A YEAR LATER, ARONOW MURDER STILL A MYSTERY


PATRICK MAY - Herald Staff Writer

The speed demon called Donzi was gunned down a year ago Wednesday. Whoever ambushed race-boat builder extraordinaire Don Aronow is still out there. So are enough hypotheses to fill a shelf of pulp suspense novels.

Take your pick:

Jealous husband. Nervous smuggler. Vengeful mobster. Or a fellow boat builder who felt Aronow had stiffed him.

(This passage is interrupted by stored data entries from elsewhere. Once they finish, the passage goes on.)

Lemma alphaH_ub {j : 'I_k} {n m : 'I_k -> nat} :
  in_H setT j n m -> d (f n) (f m) <= alphaH d f j.
Proof.
move=> Hnm; apply: sup_upper_bound; last by exists n, m.
split; first by exists (d (f n) (f m)), n, m.
have [L HL] := f_lip; exists (`|L| * k%:R) => _ [n' [m' [[Hn Hm _ _] ->]]].
apply: (le_trans (HL n' m' Hn Hm)); apply: (le_trans (ler_norm _)).
rewrite normrM [`|dH _ _ _|]ger0_norm ?ler0n //; apply: ler_wpM2l => //.
by rewrite ler_nat -[leqRHS]card_ord max_card.
Qed.

Lemma alphaH_ge0 (j : 'I_k) : 0 <= alphaH d f j.
Proof.
have [n [m Hnm]] := in_H_nonempty j.
exact: le_trans (d_ge0 _ _) (alphaH_ub Hnm).
Qed.

End HammingConstants.

Lemma alphaH0_const {R : realType} {M : Type} {d : M -> M -> R} {k : nat}
  {f : ('I_k -> nat) -> M} :
  (forall x y, 0 <= d x y) -> (forall x y, d x y = 0 -> x = y) ->
  lipschitz_H d f -> (forall j, alphaH d f j = 0) ->
  forall n m, in_kset setT n -> in_kset setT m -> f n = f m.
Proof.
move=> d_ge0 d_sep f_lip alpha0; apply: H_invariant_const => j n m Hnm.
apply: d_sep; apply/eqP; rewrite eq_le d_ge0 andbT -(alpha0 j).
exact (alphaH_ub f_lip Hnm).
Qed.

Definition lp_norm {R : realType} (p : R) {k : nat} (a : 'I_k -> R) : R :=
  (\sum_(j < k) a j `^ p) `^ p^-1.

Lemma alpha_pnormE {R : realType} {M : Type} (d : M -> M -> R) (p : R) {k : nat}
  (f : ('I_k -> nat) -> M) : alpha_pnorm d p f = lp_norm p (alphaH d f).
Proof. by []. Qed.

(* (x + y)^p <= 2^p (x^p + y^p): bound the sum by twice the larger term. *)
Lemma powR_addr_le {R : realType} {p x y : R} : 0 <= p -> 0 <= x -> 0 <= y ->
  (x + y) `^ p <= 2 `^ p * (x `^ p + y `^ p).
Proof.
move=> p0 x0 y0.
wlog xy : x y x0 y0 / x <= y.
  move=> W; case: (leP x y) => [|/ltW] xy; first exact: W.
  by rewrite addrC [_ `^ p + _]addrC; apply: W.
apply: (@le_trans _ _ ((2 * y) `^ p)).
  apply: ge0_ler_powR; rewrite ?nnegrE ?addr_ge0 ?mulr_ge0 //.
  by rewrite mulr2n mulrDl mul1r lerD2r.
by rewrite powRM // ler_wpM2l ?powR_ge0 // lerDr powR_ge0.
Qed.

Section LpNorm.
Context {R : realType} {p : R}.
Hypothesis p_ge1 : 1 <= p.

Let p_gt0 : 0 < p. Proof. exact: lt_le_trans ltr01 p_ge1. Qed.

Lemma powRK (x : R) : 0 <= x -> (x `^ p) `^ p^-1 = x.
Proof. by move=> x0; rewrite -powRrM mulfV ?gt_eqF ?powRr1. Qed.

Lemma powRVK (x : R) : 0 <= x -> (x `^ p^-1) `^ p = x.
Proof. by move=> x0; rewrite -powRrM mulVf ?gt_eqF ?powRr1. Qed.

Lemma lp_norm_eq0 {k : nat} {a : 'I_k -> R} :
  (forall j, 0 <= a j) -> lp_norm p a = 0 -> forall j, a j = 0.
Proof.
move=> a0 /powR_eq0_eq0 /psumr_eq0P sum0 j.
by apply: (@powR_eq0_eq0 _ _ p); apply: sum0 => // i _; exact: powR_ge0.
Qed.

Lemma sum_powR_affine_le {k : nat} {a b : 'I_k -> R} {c D : R} :
  0 <= c -> 0 <= D -> (forall j, 0 <= a j) -> (forall j, 0 <= b j) ->
  (forall j, b j <= c * a j + D) ->
  k%:R * D `^ p <= c `^ p * \sum_(j < k) a j `^ p ->
  \sum_(j < k) b j `^ p <= (4 * c) `^ p * \sum_(j < k) a j `^ p.
Proof.
move=> c0 D0 a0 b0 b_le kD; set S := \sum_(j < k) a j `^ p in kD *.
have S0 : 0 <= S by apply: sumr_ge0 => j _; exact: powR_ge0.
have p0 := ltW p_gt0.
have sum_b : \sum_(j < k) b j `^ p <= 2 `^ p * (c `^ p * S + k%:R * D `^ p).
  have -> : k%:R * D `^ p = \sum_(j < k) D `^ p.
    by rewrite sumr_const card_ord mulr_natl.
  rewrite /S mulr_sumr -big_split mulr_sumr /=.
  apply: ler_sum => j _; rewrite -powRM //.
  apply: le_trans (powR_addr_le p0 (mulr_ge0 c0 (a0 j)) D0).
  by apply: ge0_ler_powR; rewrite ?nnegrE ?addr_ge0 ?mulr_ge0.
apply: le_trans sum_b _.
rewrite (_ : 4 * c = 2 * 2 * c); last by rewrite -natrM.
rewrite !powRM ?mulr_ge0 // -!mulrA ler_wpM2l ?powR_ge0 //.
have two_p : 2 <= 2 `^ p by apply: le1r_powR; rewrite ?ler1n.
have cS0 : 0 <= c `^ p * S by rewrite mulr_ge0 ?powR_ge0.
apply: le_trans (_ : 2 * (c `^ p * S) <= _).
  by rewrite mulr2n mulrDl mul1r lerD2l.
by rewrite ler_wpM2r.
Qed.

Lemma lp_norm_affine_le {k : nat} (a b : 'I_k -> R) (c D : R) :
  0 <= c -> 0 <= D -> (forall j, 0 <= a j) -> (forall j, 0 <= b j) ->
  (forall j, b j <= c * a j + D) -> k%:R `^ p^-1 * D <= c * lp_norm p a ->
  lp_norm p b <= 4 * c * lp_norm p a.
Proof.
move=> c0 D0 a0 b0 b_le kD_le.
have p0 := ltW p_gt0.
have S0 : 0 <= \sum_(j < k) a j `^ p by apply: sumr_ge0 => j _; exact: powR_ge0.
have kD : k%:R * D `^ p <= c `^ p * \sum_(j < k) a j `^ p.
  have := @ge0_ler_powR _ p p0 (k%:R `^ p^-1 * D) (c * lp_norm p a).
  rewrite !nnegrE !powRM ?mulr_ge0 ?powR_ge0 // powRVK ?powRVK //.
  by apply.
have sum_b4 := sum_powR_affine_le c0 D0 a0 b0 b_le kD.
rewrite /lp_norm.
apply: le_trans (_ : ((4 * c) `^ p * \sum_(j < k) a j `^ p) `^ p^-1 <= _).
  apply: ge0_ler_powR sum_b4; rewrite ?invr_ge0 ?nnegrE ?mulr_ge0 ?powR_ge0 //.
  by apply: sumr_ge0 => j _; exact: powR_ge0.
by rewrite powRM ?powR_ge0 // powRK ?mulr_ge0.
Qed.

End LpNorm.

Lemma in_kset_setT {k : nat} {MM : set nat} {n : 'I_k -> nat} :
  in_kset MM n -> in_kset setT n.
Proof. by case. Qed.

Lemma normdist_ge0 {R : realType} {X : normedModType R} (x y : X) :
  0 <= normdist x y.
Proof. exact: normr_ge0. Qed.

Lemma normdist_sep {R : realType} {X : normedModType R} (x y : X) :
  normdist x y = 0 -> x = y.
Proof. by move=> /eqP; rewrite normr_eq0 subr_eq0 => /eqP. Qed.

Lemma scaled_dist {R : realType} {X : normedModType R} (s : R) (x y : X) :
  0 <= s -> `|s *: x - s *: y| = s * `|x - y|.
Proof. by move=> s0; rewrite -scalerBr normrZ ger0_norm. Qed.

Section Rescaling.
Context {R : realType} {p : R} {X : normedModType R} {Y : Type}
  {dY : Y -> Y -> R} {phi : X -> Y} {A B C D : R}.
Hypotheses (p_ge1 : 1 <= p)
  (dY_ge0 : forall y y', 0 <= dY y y') (dY_refl : forall y, dY y y = 0)
  (A_gt0 : 0 < A) (B_gt0 : 0 < B) (C_gt0 : 0 < C) (D_ge0 : 0 <= D)
  (phi_lower : forall x x', A * `|x - x'| - B <= dY (phi x) (phi x'))
  (phi_upper : forall x x', dY (phi x) (phi x') <= C * `|x - x'| + D).

(* phi o (s f) is Lipschitz for the Hamming distance: when n <> m the additive
   constant D is absorbed since d_H(n, m) >= 1. *)
Lemma rescaled_lipschitz {k : nat} {f : ('I_k -> nat) -> X} {s : R} :
  0 <= s -> lipschitz_H (@normdist R X) f ->
  lipschitz_H dY (fun n => phi (s *: f n)).
Proof.
move=> s0 [L HL]; exists (C * s * L + D) => n m Hn Hm.
have f_le : `|f n - f m| <= L * dH R n m := HL n m Hn Hm.
have [dH0|dH_neq0] := eqVneq (dH R n m) 0.
  have -> : f n = f m.
    by apply/eqP; rewrite -subr_eq0 -normr_le0 -(mulr0 L) -dH0.
  by rewrite dY_refl dH0 mulr0.
have dH_ge1 : 1 <= dH R n m by move: dH_neq0; rewrite /dH pnatr_eq0 -lt0n ler1n.
apply: le_trans (phi_upper _ _) _; rewrite scaled_dist // mulrDl.
apply: lerD; last by rewrite ler_peMr.
by rewrite -!mulrA; apply: ler_wpM2l; [exact: ltW | exact: ler_wpM2l].
Qed.

Lemma rescaled_alphaH {k : nat} {f : ('I_k -> nat) -> X} {s : R} (j : 'I_k) :
  0 <= s -> lipschitz_H (@normdist R X) f ->
  alphaH dY (fun n => phi (s *: f n)) j <= C * s * alphaH (@normdist R X) f j + D.
Proof.
move=> s0 f_lip; apply: alphaH_le => n m Hnm.
apply: le_trans (phi_upper _ _) _; rewrite scaled_dist // lerD2r mulrA.
apply: ler_wpM2l; first exact: mulr_ge0 (ltW C_gt0) s0.
exact (alphaH_ub f_lip Hnm).
Qed.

Homicide detectives are as stumped as ever. So are the private investigators hired by Aronow's widow. One lead after another has self-destructed. Cops thought boat racer Ben Kramer, indicted on drug charges last August, might be their man -- but nothing shook out. The lead detective had a sneaking suspicion about a certain jealous husband who might have ordered the hit. But beyond a gut feeling, zip.

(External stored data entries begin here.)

Lemma touch_path_subcols x s : all (is_rect hs) (x :: s) -> path touch x s ->
  uniq (x :: s) -> (forall z, z \in s -> touch x z -> (rlev x <= rlev z)%N) ->
  {in x :: s, forall y, subcols (last x s) y}.
Proof.
elim: s x => [|y s IH] x.
  by move=> _ _ _ _ y; rewrite inE => /eqP ->; rewrite /subcols !leqnn.
rewrite /= => /and3P[x_rect y_rect s_rect] /andP[xy ys] /andP[x_notin ys_uniq] x_low.
have [[x_y|y_x] [c /andP[x_c y_c]]] := touch_rect x_rect y_rect xy; last first.
  by have := x_low y (mem_head _ _) xy; lia.
have y_x : subcols y x by apply: rect_subcols x_rect y_rect _ x_c y_c; lia.
have y_chain : {in y :: s, forall w, subcols (last y s) w}.
  apply: IH => //; first by rewrite /= y_rect.
  move=> z z_s yz; have z_rect : is_rect hs z := allP s_rect z z_s.
  have [[up|z_y] [c' /andP[y_c' z_c']]] := touch_rect y_rect z_rect yz.
    by rewrite -up.
  have y_z : subcols y z by apply: rect_subcols z_rect y_rect _ z_c' y_c'; lia.
  have y_cL : cols y (rL y) by have [] := rect_sides y_rect; rewrite /cols leqnn.
  (* [z] lies below [y] on the level of [x] and shares a column with both. *)
  have lev_zx : rlev z = rlev x by apply: succn_inj; rewrite z_y x_y.
  have z_x := rect_eq z_rect x_rect lev_zx (subcols_cols y_z y_cL) (subcols_cols y_x y_cL).
  by move: x_notin; rewrite -z_x inE z_s orbT.
move=> w; rewrite inE => /predU1P[->|]; last exact: y_chain.
exact: subcols_trans (y_chain y (mem_head _ _)) y_x.
Qed.

End Rectangles.

Lemma on_spine_cols which hs r0 r : is_rect hs r0 -> rlev r0 = 0 ->
  on_spine which hs r0 r -> is_rect hs r /\ exists2 m, which hs m & cols r m.
Proof.
move=> r0_rect r0_lev [m [L [s [[which_m _ /and3P[_ L_m _]] [s_rect r0_s last_s s_uniq r_s]]]]].
have path_rect : all (is_rect hs) (r0 :: s) by rewrite /= r0_rect.
split; first exact: allP path_rect r r_s.
exists m => //; apply: subcols_cols L_m; rewrite -last_s.
by apply: touch_path_subcols path_rect r0_s s_uniq _ r r_s => z _ _; rewrite r0_lev.
Qed.

Section Visibility.
Local Open Scope ring_scope.
Variables (R : realType) (a : R).
Hypothesis a_gt0 : 0 < a.

Lemma nat_cell (lo hi : nat) (x : R) : (lo < hi)%N -> lo%:R <= x <= hi%:R ->
  exists c : nat, [/\ (lo <= c < hi)%N, c%:R <= x & x <= c.+1%:R].
Proof.
elim: hi => [|hi IH] // lo_hi /andP[lo_x x_hi].
have [x_le|le_x] := lerP x hi%:R; last first.
  by exists hi; rewrite ltnSn -ltnS lo_hi (ltW le_x).
have [hi_lo|lo_hi'] := leqP hi lo.
  by exists hi; rewrite ltnSn -ltnS lo_hi x_hi (le_trans _ lo_x) ?ler_nat.
have [c [/andP[lo_c c_hi] c_x x_c]] := IH lo_hi' (introT andP (conj lo_x x_le)).
by exists c; rewrite lo_c c_x x_c ltnS ltnW.
Qed.

Lemma region_scale hs c (x y : R) : (c < size hs)%N ->
  c%:R <= x <= c.+1%:R -> 0 <= y <= (hgt hs c)%:R -> region a hs (a * x, a * y).
Proof.
move=> c_lt x_c /andP[y_ge0 y_le]; exists c => //=.
by rewrite !ler_pM2l // pmulr_rge0 // y_ge0 y_le.
Qed.

Lemma sees_origin hs j k : (k < j)%N ->
  (forall c, (c < j)%N -> (minn c.+1 k.+1 <= hgt hs c)%N) ->
  sees a hs (pt a 0 0) (pt a j k.+1).
Proof.
move=> k_j hgt_ge t /andP[t_ge0 t_le1].
have kj : k.+1%:R <= j%:R :> R by rewrite ler_nat.
have [c [/andP[_ c_j] c_x x_c]] : exists c : nat,
    [/\ (0 <= c < j)%N, c%:R <= t * j%:R & t * j%:R <= c.+1%:R].
  by apply: nat_cell; [lia | rewrite mulr_ge0 ?ler0n //= ler_piMl ?ler0n].
have -> : ((1 - t) * (pt a 0 0).1 + t * (pt a j k.+1).1,
           (1 - t) * (pt a 0 0).2 + t * (pt a j k.+1).2)
        = (a * (t * j%:R), a * (t * k.+1%:R)) by rewrite /pt /=; congr pair; ring.
apply: (region_scale (c := c)); first by apply: ltn_size_hgt; have := hgt_ge c c_j; lia.
  by rewrite c_x x_c.
(* slope at most one: [t * k.+1] is below both [t * j <= c.+1] and [k.+1] *)
rewrite mulr_ge0 ?ler0n //=; apply: le_trans (_ : _ <= (minn c.+1 k.+1)%:R) _.
  by case: leqP => _; [rewrite (le_trans _ x_c) ?ler_wpM2l | rewrite ler_piMl ?ler0n].
by rewrite ler_nat hgt_ge.
Qed.

Definition mirror (n : nat) (p : R * R) : R * R := (a * n%:R - p.1, p.2).

Lemma region_rev hs p : region a (rev hs) p -> region a hs (mirror (size hs) p).
Proof.
case=> m; rewrite size_rev => m_lt [/andP[m_x x_m] /andP[y_ge0 y_le]].
exists (size hs - m.+1)%N; first by lia.
have -> : hgt hs (size hs - m.+1) = hgt (rev hs) m by rewrite /hgt nth_rev ?size_rev.
split; last by rewrite y_ge0 y_le.
have -> : (size hs - m.+1).+1 = (size hs - m)%N by lia.
rewrite /= !natrB ?(ltnW m_lt) // !mulrBr; lra.
Qed.

Lemma sees_rev hs p q :
  sees a (rev hs) p q -> sees a hs (mirror (size hs) p) (mirror (size hs) q).
Proof.
move=> pq t t01; have := region_rev (pq t t01).
by congr region; rewrite /mirror /=; congr pair; ring.
Qed.

Lemma sees_end hs i k : (i + k.+1 <= size hs)%N ->
  (forall c, (i <= c < size hs)%N -> (minn (size hs - c) k.+1 <= hgt hs c)%N) ->
  sees a hs (pt a (size hs) 0) (pt a i k.+1).
Proof.
move=> ik_n hgt_ge.
have k_lt : (k < size hs - i)%N by lia.
have rev_hgt c : (c < size hs - i)%N -> (minn c.+1 k.+1 <= hgt (rev hs) c)%N.
  move=> c_lt; rewrite /hgt nth_rev; last by lia.
  by have := hgt_ge (size hs - c.+1)%N; rewrite subKn; [apply; lia | lia].
have -> : pt a (size hs) 0 = mirror (size hs) (pt a 0 0).
  by rewrite /mirror /pt /= mulr0 subr0.
have -> : pt a i k.+1 = mirror (size hs) (pt a (size hs - i) k.+1).
  by rewrite /mirror /pt /= natrB; [congr pair; ring | lia].
exact: sees_rev (sees_origin k_lt rev_hgt).
Qed.

Lemma sees_origin_leftmost hs m r : ulhist hs -> leftmost_tab hs m ->
  is_rect hs r -> cols r m -> sees a hs (pt a 0 0) (pt a (rR r) (rlev r).+1).
Proof.
move=> hs_ul tab_m r_rect /andP[rL_m m_rR].
have [lt_LR left_r _ _] := rect_sides r_rect.
have [left_rL _] := leftmost_tab_hgt hs_ul tab_m rL_m.
apply: sees_origin => [|c c_rR]; first by move: left_r; rewrite left_rL; lia.
have [c_rL|rL_c] := ltnP c (rL r).
  by have [_ ->] := leftmost_tab_hgt hs_ul tab_m (ltnW (leq_trans c_rL rL_m)); rewrite geq_minl.
by apply: leq_trans (geq_minr _ _) (rect_hgt r_rect _); rewrite /cols rL_c.
Qed.

Lemma sees_end_rightmost hs m r : ulhist hs -> rightmost_tab hs m ->
  is_rect hs r -> cols r m -> sees a hs (pt a (size hs) 0) (pt a (rL r) (rlev r).+1).
Proof.
move=> hs_ul tab_m r_rect /andP[rL_m m_rR].
have [lt_LR _ _ right_r] := rect_sides r_rect.
have stair := rightmost_tab_hgt hs_ul tab_m.
have rR_lev : (rR r + rlev r = size hs)%N.
  by move: right_r; rewrite hleftE ?stair; lia.
apply: sees_end => [|c /andP[rL_c c_n]]; first by lia.
have [c_rR|rR_c] := ltnP c (rR r); last by rewrite stair ?geq_minl; lia.
by apply: leq_trans (geq_minr _ _) (rect_hgt r_rect _); rewrite /cols rL_c.
Qed.

End Visibility.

Here was Donald Joel Aronow, 59, the self-made millionaire; the acknowledged guru of the offshore powerboat set who built and named the celebrated Donzi after himself; the rich and handsome deal-doer who was adored by friends and family, killed on Northeast 188th Street in broad daylight.

When the stranger in the dark Lincoln Town Car calmly shot Aronow in the chest, blasting his way down to the groin, on a street lined with boat companies the victim had founded, he killed one legend and created another -- bestowing upon Don Aronow even more intrigue in death than he had in life.

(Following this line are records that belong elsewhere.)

Lemma mval_sub_lt (n d j : nat) (s : 'S_n) (a b : 'I_n) : 0 < d ->
  pos s a < pos s b ->
  (mval s (subLab d j) a b < d) = (pos s a <= j < pos s b).
Proof.
move=> d_gt0 ab; rewrite /mval (minn_idPl (ltnW ab)) (maxn_idPr (ltnW ab)).
case jab: (pos s a <= j < pos s b).
  have := @bigmin_le (index_iota (pos s a) (pos s b)) (subLab d j)
            (subLab d j (pos s a)) j.
  rewrite mem_index_iota jab => /(_ isT) /leq_ltn_trans; apply.
  by rewrite /subLab eqxx prednK.
apply/negbTE; rewrite -leqNgt big_seq.
elim/big_ind: _ => [||k].
- by rewrite /subLab; case: eqP => // E; move: jab; rewrite -E leqnn ab.
- by move=> x y le_dx le_dy; rewrite leq_min le_dx.
- rewrite mem_index_iota => k_ab; rewrite /subLab; case: eqP => // E.
  by move: jab; rewrite -E k_ab.
Qed.

Definition shuffle_face (n j : nat) (s s' : 'S_n) : bool :=
  [forall a : 'I_n, forall b : 'I_n, before s' a b ==>
     (before s a b || ((pos s b <= j) && (j < pos s a)))].

Lemma faceE (n d j : nat) (s s' : 'S_n) : 0 < d ->
  face s (subLab d j) s' (topLab d) = shuffle_face j s s'.
Proof.
move=> d_gt0; apply: eq_forallb => a; apply: eq_forallb => b.
case: (before s' a b) => //=.
rewrite mval_top mval_sub_le andbT /before.
case: (ltngtP (pos s a) (pos s b)) => //= ba.
- by rewrite /mval minnC maxnC mval_sub_lt.
- by rewrite ba; case: leqP.
Qed.

Lemma before_irr (n : nat) (s : 'S_n) (a : 'I_n) : before s a a = false.
Proof. by rewrite /before ltnn. Qed.

Lemma before_trans (n : nat) (s : 'S_n) (a b c : 'I_n) :
  before s a b -> before s b c -> before s a c.
Proof. exact: ltn_trans. Qed.

Lemma before_total (n : nat) (s : 'S_n) (a b : 'I_n) :
  a != b -> before s a b || before s b a.
Proof.
move=> ab; rewrite /before /pos; case: ltngtP => // E.
by move: ab; rewrite (perm_inj (val_inj E)) eqxx.
Qed.

Definition rank_in (n : nat) (s' : 'S_n) (A : {set 'I_n}) (a : 'I_n) : nat :=
  #|[set c in A | before s' c a]|.

Lemma rank_in_lt (n : nat) (s' : 'S_n) (A : {set 'I_n}) (a : 'I_n) :
  a \in A -> rank_in s' A a < #|A|.
Proof.
move=> aA; apply: proper_card; apply/properP; split.
  by apply/subsetP => c; rewrite inE => /andP[].
by exists a => //; rewrite inE before_irr andbF.
Qed.

Lemma rank_in_mono (n : nat) (s' : 'S_n) (A : {set 'I_n}) (a b : 'I_n) :
  a \in A -> before s' a b -> rank_in s' A a < rank_in s' A b.
Proof.
move=> aA ab; apply: proper_card; apply/properP; split.
  apply/subsetP => c; rewrite !inE => /andP[-> /before_trans]; exact.
by exists a; rewrite !inE ?aA ?ab // before_irr andbF.
Qed.

(* Position of a in the shuffle of s' putting the letters of L first. *)
Definition shuffle_pos (n : nat) (s' : 'S_n) (L : {set 'I_n}) (a : 'I_n) : nat :=
  if a \in L then rank_in s' L a else #|L| + rank_in s' (~: L) a.

Lemma shuffle_pos_in (n : nat) (s' : 'S_n) (L : {set 'I_n}) (a : 'I_n) :
  a \in L -> shuffle_pos s' L a < #|L|.
Proof. by move=> aL; rewrite /shuffle_pos aL rank_in_lt. Qed.

Lemma shuffle_pos_out (n : nat) (s' : 'S_n) (L : {set 'I_n}) (a : 'I_n) :
  a \notin L -> #|L| <= shuffle_pos s' L a.
Proof. by move=> /negbTE aL; rewrite /shuffle_pos aL leq_addr. Qed.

"Everybody has a story," says Dr. Bob Magoon, Miami Beach eye surgeon, offshore racing champion and one of Aronow's best friends for 20 years.

"That's the problem with this thing -- the further the cops got into, the more rumors they'd hear. You've got 50,000 stories, and still, every lead has led no place."

Metro-Dade homicide detective Mike DeCora has followed "easily 1,000 leads." He has spoken with everyone from a space case on the Beach who claimed to be Elvis Presley's daughter to yes men of George Bush, vice president and good pal of the victim.

"I have a list of people we haven't eliminated yet," DeCora says. "Less than a dozen."

Yet despite a $100,000 reward offered by Aronow's widow Lillian, a composite drawing of the murderer and a description of his car circulated across the United States, police say they have no idea who killed Aronow -- or why.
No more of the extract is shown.